_REQUIREMENT_
The lines from the start of the records below through the line containing "apply: le_trans (Eperm_partition_rank_ge" are to be copied exactly, both ends included, with nothing added.

[PROVIDED RECORDS Boundary: Start]

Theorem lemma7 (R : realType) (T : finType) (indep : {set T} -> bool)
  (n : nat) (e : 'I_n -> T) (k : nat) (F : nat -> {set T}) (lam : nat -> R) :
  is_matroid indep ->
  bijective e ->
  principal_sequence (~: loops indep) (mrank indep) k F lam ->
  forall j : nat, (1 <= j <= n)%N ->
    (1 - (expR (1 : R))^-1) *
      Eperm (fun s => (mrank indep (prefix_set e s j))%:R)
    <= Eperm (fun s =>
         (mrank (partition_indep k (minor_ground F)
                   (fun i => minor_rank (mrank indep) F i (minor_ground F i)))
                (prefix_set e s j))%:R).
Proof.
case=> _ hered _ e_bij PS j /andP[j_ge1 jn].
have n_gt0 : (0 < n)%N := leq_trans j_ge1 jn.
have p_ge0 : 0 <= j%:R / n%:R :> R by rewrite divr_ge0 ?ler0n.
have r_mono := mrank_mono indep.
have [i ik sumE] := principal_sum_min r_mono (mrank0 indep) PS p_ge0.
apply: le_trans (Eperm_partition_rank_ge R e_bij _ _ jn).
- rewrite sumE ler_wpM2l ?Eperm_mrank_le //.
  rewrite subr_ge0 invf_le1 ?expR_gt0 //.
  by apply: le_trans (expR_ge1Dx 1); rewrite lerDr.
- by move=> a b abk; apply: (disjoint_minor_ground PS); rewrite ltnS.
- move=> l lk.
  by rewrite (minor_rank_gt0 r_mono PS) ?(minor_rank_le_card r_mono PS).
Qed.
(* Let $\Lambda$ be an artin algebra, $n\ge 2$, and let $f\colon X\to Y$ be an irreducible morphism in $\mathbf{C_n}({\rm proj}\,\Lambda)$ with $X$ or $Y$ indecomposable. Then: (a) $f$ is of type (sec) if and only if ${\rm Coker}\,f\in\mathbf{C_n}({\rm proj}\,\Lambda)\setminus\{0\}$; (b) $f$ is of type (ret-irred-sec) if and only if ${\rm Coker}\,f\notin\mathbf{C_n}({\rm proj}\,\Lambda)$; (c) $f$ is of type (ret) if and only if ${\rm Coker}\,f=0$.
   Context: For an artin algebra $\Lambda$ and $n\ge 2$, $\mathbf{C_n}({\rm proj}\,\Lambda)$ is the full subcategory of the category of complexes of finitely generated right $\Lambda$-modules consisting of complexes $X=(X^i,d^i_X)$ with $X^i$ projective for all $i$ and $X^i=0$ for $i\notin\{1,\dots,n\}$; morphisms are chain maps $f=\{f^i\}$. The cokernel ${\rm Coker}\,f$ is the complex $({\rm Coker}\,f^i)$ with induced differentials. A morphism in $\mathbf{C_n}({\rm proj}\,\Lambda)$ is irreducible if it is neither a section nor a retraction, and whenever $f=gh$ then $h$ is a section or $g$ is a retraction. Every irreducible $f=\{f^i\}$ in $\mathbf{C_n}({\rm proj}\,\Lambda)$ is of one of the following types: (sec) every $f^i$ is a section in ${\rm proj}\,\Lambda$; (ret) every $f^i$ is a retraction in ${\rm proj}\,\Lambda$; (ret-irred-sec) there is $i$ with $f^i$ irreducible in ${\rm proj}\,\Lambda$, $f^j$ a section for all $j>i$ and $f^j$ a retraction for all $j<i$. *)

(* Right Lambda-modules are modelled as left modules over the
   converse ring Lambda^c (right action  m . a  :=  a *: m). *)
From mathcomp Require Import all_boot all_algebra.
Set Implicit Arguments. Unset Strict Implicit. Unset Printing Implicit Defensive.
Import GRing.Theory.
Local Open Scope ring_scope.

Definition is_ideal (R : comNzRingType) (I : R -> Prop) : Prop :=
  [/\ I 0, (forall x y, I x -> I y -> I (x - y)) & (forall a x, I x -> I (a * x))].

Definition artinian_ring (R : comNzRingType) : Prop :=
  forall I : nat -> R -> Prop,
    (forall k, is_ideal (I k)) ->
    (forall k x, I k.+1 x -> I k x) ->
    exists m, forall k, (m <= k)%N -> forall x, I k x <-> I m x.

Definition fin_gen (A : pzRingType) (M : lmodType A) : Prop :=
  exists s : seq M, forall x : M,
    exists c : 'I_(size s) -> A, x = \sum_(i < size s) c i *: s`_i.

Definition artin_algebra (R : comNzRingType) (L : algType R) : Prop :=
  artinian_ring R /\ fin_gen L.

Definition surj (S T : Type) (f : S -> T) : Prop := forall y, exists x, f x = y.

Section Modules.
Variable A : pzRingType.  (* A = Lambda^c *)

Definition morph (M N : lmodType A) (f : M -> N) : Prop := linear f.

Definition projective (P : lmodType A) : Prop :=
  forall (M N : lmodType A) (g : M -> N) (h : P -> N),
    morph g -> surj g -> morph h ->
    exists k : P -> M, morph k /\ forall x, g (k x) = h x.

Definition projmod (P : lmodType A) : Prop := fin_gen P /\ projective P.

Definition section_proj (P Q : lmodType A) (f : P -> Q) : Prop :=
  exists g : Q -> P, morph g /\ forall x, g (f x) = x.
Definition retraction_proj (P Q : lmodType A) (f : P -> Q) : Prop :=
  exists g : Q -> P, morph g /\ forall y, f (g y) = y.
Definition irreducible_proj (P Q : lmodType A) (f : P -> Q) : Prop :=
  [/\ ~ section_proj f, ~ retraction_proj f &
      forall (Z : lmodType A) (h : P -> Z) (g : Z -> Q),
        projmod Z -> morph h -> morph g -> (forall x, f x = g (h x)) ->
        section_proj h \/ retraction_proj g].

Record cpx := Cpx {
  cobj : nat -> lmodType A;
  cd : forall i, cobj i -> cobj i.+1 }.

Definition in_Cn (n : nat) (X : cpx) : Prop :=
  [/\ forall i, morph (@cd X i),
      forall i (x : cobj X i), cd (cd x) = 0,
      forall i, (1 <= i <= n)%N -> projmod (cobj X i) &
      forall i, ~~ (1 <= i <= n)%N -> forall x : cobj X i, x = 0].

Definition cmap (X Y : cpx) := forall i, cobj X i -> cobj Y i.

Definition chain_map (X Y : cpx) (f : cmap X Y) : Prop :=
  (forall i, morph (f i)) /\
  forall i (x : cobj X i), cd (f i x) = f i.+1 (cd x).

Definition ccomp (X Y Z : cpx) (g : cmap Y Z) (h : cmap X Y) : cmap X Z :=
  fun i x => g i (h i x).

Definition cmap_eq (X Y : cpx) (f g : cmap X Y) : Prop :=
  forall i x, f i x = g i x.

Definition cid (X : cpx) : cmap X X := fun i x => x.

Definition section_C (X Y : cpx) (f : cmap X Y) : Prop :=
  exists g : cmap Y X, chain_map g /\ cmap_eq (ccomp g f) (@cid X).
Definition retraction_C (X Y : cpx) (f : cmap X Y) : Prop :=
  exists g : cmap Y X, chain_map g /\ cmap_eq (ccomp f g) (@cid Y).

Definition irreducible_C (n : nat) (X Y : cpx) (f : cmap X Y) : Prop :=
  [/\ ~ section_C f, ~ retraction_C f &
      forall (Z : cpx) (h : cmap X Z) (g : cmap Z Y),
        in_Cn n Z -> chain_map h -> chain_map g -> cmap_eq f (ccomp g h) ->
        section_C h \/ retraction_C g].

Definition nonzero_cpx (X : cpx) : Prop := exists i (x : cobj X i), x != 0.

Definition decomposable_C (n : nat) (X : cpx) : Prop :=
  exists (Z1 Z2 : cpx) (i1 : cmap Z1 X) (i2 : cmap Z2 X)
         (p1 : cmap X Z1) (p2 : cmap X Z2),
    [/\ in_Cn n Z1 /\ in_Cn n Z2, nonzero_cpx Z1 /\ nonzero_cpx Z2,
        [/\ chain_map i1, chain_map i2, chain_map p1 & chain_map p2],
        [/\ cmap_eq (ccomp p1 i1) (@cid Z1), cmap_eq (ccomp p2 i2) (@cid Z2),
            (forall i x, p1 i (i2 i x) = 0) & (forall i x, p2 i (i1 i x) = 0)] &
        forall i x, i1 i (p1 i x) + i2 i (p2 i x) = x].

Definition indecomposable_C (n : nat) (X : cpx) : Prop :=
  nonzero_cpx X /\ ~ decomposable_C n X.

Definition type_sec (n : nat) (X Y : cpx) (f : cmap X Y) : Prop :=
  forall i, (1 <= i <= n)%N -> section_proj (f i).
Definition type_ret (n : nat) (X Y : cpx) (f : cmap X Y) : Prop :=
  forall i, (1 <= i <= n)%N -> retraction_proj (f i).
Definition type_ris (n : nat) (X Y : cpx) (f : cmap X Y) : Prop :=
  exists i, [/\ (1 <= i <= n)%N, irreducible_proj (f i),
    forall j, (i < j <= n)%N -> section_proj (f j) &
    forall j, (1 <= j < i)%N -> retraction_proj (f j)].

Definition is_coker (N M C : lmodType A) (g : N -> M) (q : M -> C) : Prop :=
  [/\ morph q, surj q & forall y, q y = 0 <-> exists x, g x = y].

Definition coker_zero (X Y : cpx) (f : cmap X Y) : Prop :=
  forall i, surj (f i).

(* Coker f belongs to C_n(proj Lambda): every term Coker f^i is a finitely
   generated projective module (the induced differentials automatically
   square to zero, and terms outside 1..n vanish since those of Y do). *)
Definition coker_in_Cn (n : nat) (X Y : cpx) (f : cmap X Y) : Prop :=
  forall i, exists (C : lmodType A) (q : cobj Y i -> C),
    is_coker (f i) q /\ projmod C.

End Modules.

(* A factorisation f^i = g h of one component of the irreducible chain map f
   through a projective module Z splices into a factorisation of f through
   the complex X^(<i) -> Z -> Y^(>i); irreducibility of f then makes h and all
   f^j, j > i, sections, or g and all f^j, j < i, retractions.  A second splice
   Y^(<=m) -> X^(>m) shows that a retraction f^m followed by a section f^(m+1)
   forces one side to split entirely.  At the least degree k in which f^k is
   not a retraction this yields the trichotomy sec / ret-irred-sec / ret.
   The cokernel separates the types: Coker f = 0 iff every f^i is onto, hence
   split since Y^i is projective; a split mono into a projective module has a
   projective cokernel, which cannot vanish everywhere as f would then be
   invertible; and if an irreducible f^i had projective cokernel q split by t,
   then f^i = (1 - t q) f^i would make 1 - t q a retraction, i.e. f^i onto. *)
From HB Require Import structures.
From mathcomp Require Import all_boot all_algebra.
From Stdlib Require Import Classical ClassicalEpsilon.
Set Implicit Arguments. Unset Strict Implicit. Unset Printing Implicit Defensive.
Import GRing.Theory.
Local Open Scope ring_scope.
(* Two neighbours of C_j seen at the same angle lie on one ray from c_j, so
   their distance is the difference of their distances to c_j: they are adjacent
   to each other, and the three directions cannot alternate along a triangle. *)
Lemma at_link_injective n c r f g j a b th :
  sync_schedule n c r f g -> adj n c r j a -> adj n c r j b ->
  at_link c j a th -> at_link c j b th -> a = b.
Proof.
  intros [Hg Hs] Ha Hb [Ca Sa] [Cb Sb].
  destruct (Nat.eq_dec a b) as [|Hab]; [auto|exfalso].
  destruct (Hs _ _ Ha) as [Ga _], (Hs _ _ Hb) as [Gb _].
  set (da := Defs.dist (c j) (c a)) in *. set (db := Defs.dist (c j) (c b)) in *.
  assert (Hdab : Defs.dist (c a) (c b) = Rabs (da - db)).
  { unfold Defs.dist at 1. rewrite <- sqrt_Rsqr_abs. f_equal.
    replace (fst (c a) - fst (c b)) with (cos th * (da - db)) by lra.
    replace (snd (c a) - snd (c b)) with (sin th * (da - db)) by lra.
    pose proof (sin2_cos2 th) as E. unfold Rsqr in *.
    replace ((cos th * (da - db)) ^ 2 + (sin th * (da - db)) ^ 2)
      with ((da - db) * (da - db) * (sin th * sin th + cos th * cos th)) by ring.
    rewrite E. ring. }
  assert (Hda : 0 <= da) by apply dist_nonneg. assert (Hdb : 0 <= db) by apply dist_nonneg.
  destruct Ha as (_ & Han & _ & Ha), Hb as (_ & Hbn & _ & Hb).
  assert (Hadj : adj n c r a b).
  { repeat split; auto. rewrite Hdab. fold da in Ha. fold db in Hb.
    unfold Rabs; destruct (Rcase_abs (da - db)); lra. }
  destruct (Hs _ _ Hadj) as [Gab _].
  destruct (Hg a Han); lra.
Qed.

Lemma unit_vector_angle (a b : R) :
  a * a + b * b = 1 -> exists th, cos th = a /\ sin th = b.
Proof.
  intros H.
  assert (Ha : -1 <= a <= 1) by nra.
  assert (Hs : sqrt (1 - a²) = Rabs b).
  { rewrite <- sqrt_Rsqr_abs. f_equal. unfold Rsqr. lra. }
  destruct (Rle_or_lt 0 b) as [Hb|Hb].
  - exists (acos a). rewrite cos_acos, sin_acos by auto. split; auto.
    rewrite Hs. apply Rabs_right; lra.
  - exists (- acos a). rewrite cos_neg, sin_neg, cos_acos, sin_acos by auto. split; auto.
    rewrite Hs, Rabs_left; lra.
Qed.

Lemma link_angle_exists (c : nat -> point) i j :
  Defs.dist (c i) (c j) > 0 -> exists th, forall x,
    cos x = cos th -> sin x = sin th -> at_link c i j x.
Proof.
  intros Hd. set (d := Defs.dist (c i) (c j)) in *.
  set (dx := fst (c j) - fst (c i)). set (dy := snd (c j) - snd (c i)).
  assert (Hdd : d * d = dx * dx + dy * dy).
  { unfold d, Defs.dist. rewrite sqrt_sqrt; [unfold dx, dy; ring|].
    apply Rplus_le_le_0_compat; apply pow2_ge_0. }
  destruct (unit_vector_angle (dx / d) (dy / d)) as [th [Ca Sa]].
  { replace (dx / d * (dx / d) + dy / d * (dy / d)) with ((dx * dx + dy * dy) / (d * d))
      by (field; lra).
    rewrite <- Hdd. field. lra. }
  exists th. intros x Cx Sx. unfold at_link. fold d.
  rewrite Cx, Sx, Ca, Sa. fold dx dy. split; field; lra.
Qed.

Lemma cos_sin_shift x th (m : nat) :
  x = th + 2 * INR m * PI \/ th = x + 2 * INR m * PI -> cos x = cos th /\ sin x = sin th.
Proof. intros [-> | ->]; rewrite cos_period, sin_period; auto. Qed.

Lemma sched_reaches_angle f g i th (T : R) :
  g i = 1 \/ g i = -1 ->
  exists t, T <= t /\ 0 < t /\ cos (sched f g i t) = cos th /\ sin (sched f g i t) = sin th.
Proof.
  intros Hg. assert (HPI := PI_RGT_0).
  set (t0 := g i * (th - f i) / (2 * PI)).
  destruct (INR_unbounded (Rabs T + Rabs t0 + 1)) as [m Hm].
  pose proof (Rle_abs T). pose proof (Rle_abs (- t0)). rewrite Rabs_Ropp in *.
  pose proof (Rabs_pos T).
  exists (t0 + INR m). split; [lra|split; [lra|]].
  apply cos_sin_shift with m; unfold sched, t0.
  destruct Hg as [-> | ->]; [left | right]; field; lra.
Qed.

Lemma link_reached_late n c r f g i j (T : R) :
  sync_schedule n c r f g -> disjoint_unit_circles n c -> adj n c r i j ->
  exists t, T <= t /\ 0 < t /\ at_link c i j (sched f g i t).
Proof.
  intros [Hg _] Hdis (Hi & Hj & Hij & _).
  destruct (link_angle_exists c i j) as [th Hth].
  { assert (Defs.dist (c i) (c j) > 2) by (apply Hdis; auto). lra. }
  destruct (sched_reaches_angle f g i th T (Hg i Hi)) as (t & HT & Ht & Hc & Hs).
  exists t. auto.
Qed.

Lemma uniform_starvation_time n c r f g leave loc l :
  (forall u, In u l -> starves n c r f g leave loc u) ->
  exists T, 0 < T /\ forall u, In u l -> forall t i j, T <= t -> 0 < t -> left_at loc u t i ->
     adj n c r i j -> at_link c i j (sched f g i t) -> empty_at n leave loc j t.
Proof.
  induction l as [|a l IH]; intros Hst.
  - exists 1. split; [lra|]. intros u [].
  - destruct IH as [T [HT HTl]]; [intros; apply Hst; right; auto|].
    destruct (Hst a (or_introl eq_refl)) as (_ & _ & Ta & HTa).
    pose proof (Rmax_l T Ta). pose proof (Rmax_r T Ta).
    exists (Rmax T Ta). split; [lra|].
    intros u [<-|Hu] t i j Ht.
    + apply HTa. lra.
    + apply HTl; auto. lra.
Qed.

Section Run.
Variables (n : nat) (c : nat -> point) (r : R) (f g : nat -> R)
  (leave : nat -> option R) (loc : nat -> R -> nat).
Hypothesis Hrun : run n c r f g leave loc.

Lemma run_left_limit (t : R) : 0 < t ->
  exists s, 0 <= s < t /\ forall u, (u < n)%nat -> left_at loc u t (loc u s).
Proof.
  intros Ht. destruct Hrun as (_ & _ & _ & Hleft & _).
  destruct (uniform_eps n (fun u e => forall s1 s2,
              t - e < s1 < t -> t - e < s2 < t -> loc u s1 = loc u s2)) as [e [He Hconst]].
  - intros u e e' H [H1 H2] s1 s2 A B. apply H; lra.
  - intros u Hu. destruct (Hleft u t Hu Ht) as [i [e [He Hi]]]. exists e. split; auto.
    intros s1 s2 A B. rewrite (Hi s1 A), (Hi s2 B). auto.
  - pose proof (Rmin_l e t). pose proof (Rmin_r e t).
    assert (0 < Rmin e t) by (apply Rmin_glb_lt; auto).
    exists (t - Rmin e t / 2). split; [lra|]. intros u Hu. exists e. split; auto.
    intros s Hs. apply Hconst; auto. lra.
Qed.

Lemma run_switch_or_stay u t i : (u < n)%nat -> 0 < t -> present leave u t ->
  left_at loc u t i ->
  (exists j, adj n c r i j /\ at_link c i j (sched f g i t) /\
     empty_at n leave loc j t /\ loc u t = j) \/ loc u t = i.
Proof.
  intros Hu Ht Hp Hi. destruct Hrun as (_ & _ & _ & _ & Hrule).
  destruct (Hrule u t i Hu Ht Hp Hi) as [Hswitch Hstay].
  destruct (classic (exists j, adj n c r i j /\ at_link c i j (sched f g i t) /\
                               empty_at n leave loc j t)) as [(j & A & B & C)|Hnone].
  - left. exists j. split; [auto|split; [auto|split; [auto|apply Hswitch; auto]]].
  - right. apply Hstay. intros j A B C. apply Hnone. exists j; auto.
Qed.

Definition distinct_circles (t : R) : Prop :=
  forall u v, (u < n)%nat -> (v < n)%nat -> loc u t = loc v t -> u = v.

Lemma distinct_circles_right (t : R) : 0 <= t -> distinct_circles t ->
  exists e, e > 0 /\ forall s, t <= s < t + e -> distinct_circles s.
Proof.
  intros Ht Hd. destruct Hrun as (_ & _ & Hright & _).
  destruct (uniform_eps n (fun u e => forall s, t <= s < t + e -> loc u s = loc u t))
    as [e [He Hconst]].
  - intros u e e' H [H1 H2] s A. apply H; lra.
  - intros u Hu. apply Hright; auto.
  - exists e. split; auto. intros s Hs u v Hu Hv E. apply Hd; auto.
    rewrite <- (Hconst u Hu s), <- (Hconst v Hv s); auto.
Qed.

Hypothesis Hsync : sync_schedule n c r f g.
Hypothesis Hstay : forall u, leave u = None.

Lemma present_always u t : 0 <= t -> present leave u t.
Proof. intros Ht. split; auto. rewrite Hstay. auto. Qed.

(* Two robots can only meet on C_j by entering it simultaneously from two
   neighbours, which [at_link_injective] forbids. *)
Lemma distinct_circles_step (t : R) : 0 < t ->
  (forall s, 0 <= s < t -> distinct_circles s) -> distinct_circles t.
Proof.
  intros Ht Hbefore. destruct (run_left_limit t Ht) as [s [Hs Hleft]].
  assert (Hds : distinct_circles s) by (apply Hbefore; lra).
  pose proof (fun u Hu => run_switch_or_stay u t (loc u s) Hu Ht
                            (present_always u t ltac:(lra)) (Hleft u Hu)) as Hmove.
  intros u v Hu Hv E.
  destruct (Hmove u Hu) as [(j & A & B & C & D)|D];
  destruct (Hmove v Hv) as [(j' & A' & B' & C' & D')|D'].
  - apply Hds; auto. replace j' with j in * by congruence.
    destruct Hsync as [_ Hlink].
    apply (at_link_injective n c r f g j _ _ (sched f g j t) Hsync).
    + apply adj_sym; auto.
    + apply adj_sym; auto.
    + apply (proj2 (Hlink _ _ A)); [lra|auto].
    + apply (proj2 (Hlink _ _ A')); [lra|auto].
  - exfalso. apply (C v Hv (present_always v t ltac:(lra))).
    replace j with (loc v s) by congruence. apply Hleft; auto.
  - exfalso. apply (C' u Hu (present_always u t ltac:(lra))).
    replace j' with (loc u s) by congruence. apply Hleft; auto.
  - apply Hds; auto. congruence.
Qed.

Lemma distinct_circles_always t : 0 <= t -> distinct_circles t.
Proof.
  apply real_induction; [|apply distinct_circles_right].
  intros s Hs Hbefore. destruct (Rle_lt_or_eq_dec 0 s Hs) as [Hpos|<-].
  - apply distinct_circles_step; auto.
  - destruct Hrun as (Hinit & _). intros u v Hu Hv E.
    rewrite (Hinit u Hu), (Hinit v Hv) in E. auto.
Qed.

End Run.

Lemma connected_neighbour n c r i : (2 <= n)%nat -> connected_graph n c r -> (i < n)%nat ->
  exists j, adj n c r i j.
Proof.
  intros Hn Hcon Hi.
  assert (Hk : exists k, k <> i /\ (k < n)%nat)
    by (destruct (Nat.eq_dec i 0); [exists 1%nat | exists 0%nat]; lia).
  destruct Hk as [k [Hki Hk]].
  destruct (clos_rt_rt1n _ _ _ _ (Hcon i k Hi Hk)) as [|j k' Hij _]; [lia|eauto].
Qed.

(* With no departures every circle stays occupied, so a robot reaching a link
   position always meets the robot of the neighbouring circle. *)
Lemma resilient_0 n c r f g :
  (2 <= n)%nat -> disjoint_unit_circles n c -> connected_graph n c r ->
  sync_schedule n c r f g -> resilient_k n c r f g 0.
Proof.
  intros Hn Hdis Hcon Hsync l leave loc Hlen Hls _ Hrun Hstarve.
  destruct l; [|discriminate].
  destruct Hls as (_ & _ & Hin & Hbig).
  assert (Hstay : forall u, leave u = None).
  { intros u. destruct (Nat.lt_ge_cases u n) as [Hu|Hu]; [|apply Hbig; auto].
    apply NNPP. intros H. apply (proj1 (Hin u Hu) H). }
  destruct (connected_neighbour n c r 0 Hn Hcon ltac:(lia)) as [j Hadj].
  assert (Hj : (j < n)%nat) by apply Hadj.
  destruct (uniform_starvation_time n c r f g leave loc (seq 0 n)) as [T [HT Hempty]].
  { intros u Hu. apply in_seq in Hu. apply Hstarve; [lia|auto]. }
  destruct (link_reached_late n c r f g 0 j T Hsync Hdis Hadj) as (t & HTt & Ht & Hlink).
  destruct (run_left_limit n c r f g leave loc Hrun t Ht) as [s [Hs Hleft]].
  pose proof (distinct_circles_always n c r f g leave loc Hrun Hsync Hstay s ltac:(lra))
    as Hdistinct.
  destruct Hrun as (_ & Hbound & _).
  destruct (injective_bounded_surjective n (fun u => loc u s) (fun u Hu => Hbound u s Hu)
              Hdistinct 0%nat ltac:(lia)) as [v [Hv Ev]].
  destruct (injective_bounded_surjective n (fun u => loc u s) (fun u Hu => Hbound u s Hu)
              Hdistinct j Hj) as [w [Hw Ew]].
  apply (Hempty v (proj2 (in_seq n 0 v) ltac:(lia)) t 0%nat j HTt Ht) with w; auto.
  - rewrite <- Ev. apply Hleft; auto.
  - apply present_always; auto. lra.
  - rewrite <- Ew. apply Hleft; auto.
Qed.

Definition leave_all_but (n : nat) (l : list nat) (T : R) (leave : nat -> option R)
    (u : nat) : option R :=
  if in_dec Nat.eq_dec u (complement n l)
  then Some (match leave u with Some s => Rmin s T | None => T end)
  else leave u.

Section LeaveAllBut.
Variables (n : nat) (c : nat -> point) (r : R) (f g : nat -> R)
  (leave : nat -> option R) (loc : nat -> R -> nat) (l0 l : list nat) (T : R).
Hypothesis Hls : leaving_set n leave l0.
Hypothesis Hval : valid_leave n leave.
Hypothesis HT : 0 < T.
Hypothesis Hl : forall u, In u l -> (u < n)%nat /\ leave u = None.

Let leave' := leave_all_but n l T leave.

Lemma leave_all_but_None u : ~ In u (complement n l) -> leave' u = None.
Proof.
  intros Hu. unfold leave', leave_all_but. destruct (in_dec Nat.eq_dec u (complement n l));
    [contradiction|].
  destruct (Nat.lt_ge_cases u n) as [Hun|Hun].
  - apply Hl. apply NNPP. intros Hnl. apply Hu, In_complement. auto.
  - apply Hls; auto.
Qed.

[PROVIDED RECORDS Boundary: End]

_RESULT BELOW_
Theorem lemma7 (R : realType) (T : finType) (indep : {set T} -> bool)
  (n : nat) (e : 'I_n -> T) (k : nat) (F : nat -> {set T}) (lam : nat -> R) :
  is_matroid indep ->
  bijective e ->
  principal_sequence (~: loops indep) (mrank indep) k F lam ->
  forall j : nat, (1 <= j <= n)%N ->
    (1 - (expR (1 : R))^-1) *
      Eperm (fun s => (mrank indep (prefix_set e s j))%:R)
    <= Eperm (fun s =>
         (mrank (partition_indep k (minor_ground F)
                   (fun i => minor_rank (mrank indep) F i (minor_ground F i)))
                (prefix_set e s j))%:R).
Proof.
case=> _ hered _ e_bij PS j /andP[j_ge1 jn].
have n_gt0 : (0 < n)%N := leq_trans j_ge1 jn.
have p_ge0 : 0 <= j%:R / n%:R :> R by rewrite divr_ge0 ?ler0n.
have r_mono := mrank_mono indep.
have [i ik sumE] := principal_sum_min r_mono (mrank0 indep) PS p_ge0.
apply: le_trans (Eperm_partition_rank_ge R e_bij _ _ jn).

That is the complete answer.